ACTION ITEM: Looking at the entries, say how many lines contain the string "localization". Offer nothing besides the number.

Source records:

- - - -

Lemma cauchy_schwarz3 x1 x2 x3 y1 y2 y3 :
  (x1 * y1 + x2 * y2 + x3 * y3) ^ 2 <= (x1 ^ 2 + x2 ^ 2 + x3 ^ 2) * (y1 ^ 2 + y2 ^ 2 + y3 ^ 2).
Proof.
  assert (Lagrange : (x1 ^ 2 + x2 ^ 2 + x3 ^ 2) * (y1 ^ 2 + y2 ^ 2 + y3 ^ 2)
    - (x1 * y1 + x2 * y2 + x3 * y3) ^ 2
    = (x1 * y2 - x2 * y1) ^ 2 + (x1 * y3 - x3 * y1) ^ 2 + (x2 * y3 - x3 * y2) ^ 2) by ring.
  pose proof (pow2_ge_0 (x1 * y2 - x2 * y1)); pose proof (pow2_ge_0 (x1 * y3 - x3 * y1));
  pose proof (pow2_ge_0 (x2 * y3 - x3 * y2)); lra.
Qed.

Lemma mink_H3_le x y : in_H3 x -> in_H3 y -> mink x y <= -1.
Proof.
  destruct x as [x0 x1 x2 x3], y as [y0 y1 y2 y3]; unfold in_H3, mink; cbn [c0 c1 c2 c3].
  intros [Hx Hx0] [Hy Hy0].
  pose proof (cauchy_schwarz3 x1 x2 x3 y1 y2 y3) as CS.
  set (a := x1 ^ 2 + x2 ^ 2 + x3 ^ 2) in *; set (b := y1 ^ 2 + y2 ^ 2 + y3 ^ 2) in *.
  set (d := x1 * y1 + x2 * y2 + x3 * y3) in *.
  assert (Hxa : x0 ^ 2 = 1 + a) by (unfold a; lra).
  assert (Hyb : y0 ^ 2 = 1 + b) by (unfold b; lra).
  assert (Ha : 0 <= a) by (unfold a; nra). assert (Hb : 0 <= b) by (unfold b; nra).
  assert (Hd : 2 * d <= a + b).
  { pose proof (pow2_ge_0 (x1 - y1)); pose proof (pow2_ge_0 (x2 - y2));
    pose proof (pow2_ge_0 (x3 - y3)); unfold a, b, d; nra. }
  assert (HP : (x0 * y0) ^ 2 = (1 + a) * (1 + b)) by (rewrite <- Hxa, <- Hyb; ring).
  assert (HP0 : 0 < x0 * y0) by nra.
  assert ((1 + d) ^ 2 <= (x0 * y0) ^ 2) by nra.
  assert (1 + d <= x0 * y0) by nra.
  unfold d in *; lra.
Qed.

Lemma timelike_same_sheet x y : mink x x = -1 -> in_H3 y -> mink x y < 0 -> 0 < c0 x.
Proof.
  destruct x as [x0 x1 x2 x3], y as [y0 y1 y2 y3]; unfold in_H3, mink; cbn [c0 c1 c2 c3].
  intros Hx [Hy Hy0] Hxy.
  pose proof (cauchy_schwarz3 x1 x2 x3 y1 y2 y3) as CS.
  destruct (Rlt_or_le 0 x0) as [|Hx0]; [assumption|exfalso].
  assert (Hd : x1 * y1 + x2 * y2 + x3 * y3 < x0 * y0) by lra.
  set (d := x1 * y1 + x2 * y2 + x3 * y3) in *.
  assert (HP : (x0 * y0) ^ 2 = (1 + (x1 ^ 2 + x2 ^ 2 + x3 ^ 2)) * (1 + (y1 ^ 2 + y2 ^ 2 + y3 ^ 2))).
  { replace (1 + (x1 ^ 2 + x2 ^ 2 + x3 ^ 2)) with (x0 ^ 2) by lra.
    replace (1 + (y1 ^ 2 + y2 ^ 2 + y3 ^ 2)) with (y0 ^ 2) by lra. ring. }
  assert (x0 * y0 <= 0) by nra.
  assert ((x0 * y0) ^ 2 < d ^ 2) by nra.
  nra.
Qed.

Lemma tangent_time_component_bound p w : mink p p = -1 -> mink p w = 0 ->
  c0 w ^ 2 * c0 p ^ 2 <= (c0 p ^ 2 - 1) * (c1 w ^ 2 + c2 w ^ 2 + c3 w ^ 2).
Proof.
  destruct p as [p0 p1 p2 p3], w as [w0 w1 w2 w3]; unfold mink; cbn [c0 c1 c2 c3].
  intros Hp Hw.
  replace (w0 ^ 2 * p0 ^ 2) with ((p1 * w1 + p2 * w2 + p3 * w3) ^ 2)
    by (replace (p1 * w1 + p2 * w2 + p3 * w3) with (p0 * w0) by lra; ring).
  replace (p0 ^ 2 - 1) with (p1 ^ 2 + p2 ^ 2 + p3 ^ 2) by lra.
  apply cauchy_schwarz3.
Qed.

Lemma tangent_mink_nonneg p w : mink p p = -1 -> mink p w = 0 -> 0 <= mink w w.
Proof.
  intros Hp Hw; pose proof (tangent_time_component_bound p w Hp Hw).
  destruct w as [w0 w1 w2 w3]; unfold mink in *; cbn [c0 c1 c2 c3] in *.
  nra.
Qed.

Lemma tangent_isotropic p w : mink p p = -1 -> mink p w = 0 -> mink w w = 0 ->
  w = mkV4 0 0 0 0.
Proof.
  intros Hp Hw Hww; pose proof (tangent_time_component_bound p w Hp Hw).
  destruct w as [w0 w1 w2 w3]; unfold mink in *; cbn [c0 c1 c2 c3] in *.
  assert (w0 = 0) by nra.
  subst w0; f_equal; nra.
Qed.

- - - -

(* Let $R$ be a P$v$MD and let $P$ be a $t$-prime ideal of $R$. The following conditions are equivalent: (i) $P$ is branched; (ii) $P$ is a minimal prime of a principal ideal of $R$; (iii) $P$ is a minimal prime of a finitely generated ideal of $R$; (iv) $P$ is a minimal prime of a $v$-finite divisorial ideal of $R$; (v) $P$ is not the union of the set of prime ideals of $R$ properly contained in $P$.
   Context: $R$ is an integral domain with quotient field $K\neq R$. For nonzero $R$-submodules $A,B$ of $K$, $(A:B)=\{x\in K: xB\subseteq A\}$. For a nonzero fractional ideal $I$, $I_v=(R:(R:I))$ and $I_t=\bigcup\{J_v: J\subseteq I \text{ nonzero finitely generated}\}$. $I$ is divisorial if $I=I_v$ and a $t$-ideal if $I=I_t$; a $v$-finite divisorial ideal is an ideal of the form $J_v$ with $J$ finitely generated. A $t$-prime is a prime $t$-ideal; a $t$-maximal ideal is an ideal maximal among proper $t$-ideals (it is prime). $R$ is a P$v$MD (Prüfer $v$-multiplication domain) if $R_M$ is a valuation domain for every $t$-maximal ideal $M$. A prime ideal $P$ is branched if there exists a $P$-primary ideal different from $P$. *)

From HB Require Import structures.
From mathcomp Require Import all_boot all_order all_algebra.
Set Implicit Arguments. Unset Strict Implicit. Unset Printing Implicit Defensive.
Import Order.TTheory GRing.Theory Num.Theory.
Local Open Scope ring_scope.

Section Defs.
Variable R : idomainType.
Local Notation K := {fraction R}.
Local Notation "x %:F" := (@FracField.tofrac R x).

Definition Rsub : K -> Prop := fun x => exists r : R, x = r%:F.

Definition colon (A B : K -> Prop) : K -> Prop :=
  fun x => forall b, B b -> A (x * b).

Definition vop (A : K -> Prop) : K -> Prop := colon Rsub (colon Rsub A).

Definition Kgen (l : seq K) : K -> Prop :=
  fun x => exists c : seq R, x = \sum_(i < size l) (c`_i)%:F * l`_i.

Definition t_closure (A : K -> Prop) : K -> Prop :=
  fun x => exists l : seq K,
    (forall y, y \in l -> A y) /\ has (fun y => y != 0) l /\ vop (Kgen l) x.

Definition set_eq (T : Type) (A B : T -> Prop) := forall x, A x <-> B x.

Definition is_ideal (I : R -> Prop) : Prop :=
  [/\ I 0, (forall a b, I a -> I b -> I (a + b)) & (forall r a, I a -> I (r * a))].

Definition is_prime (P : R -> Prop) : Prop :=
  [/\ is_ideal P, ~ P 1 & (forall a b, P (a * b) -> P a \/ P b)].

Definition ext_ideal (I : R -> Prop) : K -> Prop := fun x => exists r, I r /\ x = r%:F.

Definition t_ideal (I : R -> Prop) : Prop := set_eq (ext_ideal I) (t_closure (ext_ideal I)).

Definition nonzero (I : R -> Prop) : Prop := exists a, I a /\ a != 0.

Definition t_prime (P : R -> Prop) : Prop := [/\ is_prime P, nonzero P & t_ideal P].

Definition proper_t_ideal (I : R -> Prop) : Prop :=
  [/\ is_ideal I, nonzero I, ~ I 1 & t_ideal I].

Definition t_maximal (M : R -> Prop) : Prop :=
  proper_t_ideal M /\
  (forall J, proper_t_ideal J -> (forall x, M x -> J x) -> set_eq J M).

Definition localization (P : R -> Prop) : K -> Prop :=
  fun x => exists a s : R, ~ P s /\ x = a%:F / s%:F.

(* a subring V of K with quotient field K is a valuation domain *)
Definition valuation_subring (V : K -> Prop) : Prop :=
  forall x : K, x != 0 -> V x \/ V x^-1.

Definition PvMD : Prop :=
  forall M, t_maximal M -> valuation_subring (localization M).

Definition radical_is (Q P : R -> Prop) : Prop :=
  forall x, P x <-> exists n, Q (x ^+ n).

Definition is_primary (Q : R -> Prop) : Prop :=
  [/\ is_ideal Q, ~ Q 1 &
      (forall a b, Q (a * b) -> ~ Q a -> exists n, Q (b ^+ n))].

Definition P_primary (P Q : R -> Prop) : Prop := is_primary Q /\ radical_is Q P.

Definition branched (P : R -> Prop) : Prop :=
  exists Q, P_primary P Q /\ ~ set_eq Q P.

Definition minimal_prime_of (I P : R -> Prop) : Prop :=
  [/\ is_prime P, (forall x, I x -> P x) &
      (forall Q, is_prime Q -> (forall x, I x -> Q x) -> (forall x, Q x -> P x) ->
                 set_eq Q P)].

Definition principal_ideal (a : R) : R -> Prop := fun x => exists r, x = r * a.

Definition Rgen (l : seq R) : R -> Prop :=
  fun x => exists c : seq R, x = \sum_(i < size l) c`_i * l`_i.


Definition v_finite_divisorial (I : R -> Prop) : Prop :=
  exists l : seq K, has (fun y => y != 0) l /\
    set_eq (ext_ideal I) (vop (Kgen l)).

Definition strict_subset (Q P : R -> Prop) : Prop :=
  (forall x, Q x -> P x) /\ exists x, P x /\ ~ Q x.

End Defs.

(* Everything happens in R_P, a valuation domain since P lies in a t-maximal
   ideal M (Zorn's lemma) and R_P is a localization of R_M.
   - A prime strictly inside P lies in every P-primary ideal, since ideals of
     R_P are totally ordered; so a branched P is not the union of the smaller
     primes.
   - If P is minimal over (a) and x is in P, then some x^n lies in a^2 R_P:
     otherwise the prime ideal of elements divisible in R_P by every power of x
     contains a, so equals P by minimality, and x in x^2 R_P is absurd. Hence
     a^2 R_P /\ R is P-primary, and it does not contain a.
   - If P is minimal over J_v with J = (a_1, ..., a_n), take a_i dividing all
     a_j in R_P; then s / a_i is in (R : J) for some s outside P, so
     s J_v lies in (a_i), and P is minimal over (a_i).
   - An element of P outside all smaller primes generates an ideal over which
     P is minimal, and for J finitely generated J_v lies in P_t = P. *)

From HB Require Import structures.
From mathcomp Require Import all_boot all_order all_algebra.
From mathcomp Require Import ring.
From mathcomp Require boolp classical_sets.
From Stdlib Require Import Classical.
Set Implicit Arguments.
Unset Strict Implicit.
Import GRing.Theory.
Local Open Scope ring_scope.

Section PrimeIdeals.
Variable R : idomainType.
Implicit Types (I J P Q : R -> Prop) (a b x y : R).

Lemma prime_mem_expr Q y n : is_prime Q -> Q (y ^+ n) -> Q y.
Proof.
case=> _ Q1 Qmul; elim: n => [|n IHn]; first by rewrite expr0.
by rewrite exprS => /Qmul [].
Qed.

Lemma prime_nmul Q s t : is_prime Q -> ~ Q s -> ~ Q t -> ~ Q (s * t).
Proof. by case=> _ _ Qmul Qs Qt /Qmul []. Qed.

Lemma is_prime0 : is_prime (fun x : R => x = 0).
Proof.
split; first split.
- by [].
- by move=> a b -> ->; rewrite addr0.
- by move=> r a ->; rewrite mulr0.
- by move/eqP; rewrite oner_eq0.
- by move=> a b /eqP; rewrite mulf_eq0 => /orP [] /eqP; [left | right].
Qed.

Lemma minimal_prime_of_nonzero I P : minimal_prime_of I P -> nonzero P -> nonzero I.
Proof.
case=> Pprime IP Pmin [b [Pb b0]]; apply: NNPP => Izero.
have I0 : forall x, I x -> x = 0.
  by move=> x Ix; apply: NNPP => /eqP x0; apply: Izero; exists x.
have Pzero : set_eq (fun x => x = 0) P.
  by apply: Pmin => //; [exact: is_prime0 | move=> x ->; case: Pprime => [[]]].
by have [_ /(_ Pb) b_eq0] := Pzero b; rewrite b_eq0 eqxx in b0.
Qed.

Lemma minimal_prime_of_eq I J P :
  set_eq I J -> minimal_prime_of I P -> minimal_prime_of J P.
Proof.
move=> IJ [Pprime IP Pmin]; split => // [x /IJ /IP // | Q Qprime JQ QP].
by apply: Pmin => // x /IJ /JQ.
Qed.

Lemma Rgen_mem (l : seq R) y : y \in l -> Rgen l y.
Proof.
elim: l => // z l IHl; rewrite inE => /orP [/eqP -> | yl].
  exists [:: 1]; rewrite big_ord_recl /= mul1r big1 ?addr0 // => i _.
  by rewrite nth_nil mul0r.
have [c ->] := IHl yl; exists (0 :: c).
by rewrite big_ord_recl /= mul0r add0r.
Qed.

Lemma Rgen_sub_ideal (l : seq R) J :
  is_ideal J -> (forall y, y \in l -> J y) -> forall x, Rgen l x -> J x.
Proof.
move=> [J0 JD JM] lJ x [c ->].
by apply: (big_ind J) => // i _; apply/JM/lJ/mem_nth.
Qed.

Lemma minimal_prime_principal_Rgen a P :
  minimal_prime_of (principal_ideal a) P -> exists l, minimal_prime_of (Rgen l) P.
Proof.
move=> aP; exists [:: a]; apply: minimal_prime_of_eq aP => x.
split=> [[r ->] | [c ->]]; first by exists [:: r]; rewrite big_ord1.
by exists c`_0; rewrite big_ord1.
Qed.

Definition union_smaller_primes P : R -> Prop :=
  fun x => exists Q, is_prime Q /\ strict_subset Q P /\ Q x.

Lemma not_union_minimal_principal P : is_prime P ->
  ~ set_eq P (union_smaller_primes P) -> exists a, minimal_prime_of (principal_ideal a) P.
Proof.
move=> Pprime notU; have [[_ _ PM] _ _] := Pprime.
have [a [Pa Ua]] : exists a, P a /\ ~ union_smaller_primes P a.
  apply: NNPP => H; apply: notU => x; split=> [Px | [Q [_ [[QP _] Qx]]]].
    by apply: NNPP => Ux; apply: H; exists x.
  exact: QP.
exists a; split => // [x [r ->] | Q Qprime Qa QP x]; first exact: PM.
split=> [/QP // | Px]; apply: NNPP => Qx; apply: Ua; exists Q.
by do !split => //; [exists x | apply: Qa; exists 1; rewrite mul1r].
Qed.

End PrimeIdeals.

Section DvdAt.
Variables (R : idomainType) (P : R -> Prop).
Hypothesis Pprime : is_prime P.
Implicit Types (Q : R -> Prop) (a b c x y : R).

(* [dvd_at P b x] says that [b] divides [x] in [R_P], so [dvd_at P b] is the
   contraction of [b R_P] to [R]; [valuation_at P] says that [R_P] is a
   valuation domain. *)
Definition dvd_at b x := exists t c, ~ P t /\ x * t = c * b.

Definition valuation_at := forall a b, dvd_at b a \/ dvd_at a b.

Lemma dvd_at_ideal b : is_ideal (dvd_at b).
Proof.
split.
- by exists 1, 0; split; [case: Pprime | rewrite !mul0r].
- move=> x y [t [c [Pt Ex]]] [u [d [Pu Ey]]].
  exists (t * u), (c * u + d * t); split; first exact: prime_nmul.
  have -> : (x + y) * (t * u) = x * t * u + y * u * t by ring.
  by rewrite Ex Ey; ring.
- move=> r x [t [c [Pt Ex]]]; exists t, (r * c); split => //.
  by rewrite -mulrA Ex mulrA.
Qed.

- - - -

OUTPUT BELOW: 3